Saleh, Alam (2011) Broadening the Concept of Security : Identity and Societal Security. Geopolitics Quarterly, 6 (4). pp. 228-241.
Full text not available from this repository.Abstract
This article concentrates on the evolution of the concept of security from its traditional ‘Realist’ base through to more ‘broadened’ approaches. This study, therefore, moves beyond the conventional realist paradigm, and conversely looks at the concept of security using a ‘broadened’ perspective on security studies. In doing so, this paper asks: are the traditional concepts of security studies, particularly realism, in the post Cold War era still relevant? It is this question that forms the focus of this study.
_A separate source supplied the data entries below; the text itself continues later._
(* F2 is the second focus of the Keplerian arc g|[t0,t1] of energy E:
   elliptic case (E < 0): the arc lies on { P : |PF| + |PF2| = 2a };
   hyperbolic case (E > 0): the arc lies on the branch of the hyperbola with
   foci F, F2 and semi-major axis a on which Kepler arcs move (the branch
   around F if attractive, the other branch if repulsive). *)
Definition second_focus (k : R) (F : pt) (E : R) (g : R -> pt) (t0 t1 : R)
    (F2 : pt) : Prop :=
  forall t, t0 <= t <= t1 ->
    (E < 0 -> dist (g t) F + dist (g t) F2 = 2 * semi_major k E) /\
    (0 < E -> 0 < k -> dist (g t) F2 - dist (g t) F = 2 * semi_major k E) /\
    (0 < E -> k < 0 -> dist (g t) F - dist (g t) F2 = 2 * semi_major k E).

Definition tangent_vec (K : pt -> Prop) (P w : pt) : Prop :=
  w <> (0, 0) /\
  exists (gam : R -> pt) (eps : R), 0 < eps /\
    (forall s, Rabs s < eps -> K (gam s)) /\ gam 0 = P /\
    is_derive (fun s => fst (gam s)) 0 (fst w) /\
    is_derive (fun s => snd (gam s)) 0 (snd w).

Definition reflect (w v : pt) : pt :=
  (2 * dot v w / dot w w * fst w - fst v, 2 * dot v w / dot w w * snd w - snd v).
Most of the academic literature has far dealt with national security issues from an international and realist point of view. This has often neglected the internal dynamics of state’s security dilemma. This article studies the impact of societal security on state’s national security, this argument, however, has previously received little academic interest. This article thus contributes to a better understanding of the literature by clarifying conceptual approaches to societal security, and by applying these approaches in order to argue that the most pressing threat to state’s national security is within; and not from realist international pressures. The primary goal of this research is to contribute to academic debate regarding the concept of security by employing critical discourse analysis. Therefore, this study builds upon an array of secondary qualitative sources, both in order to construct the theoretical argument and to back this theory up with historical and social scientific data.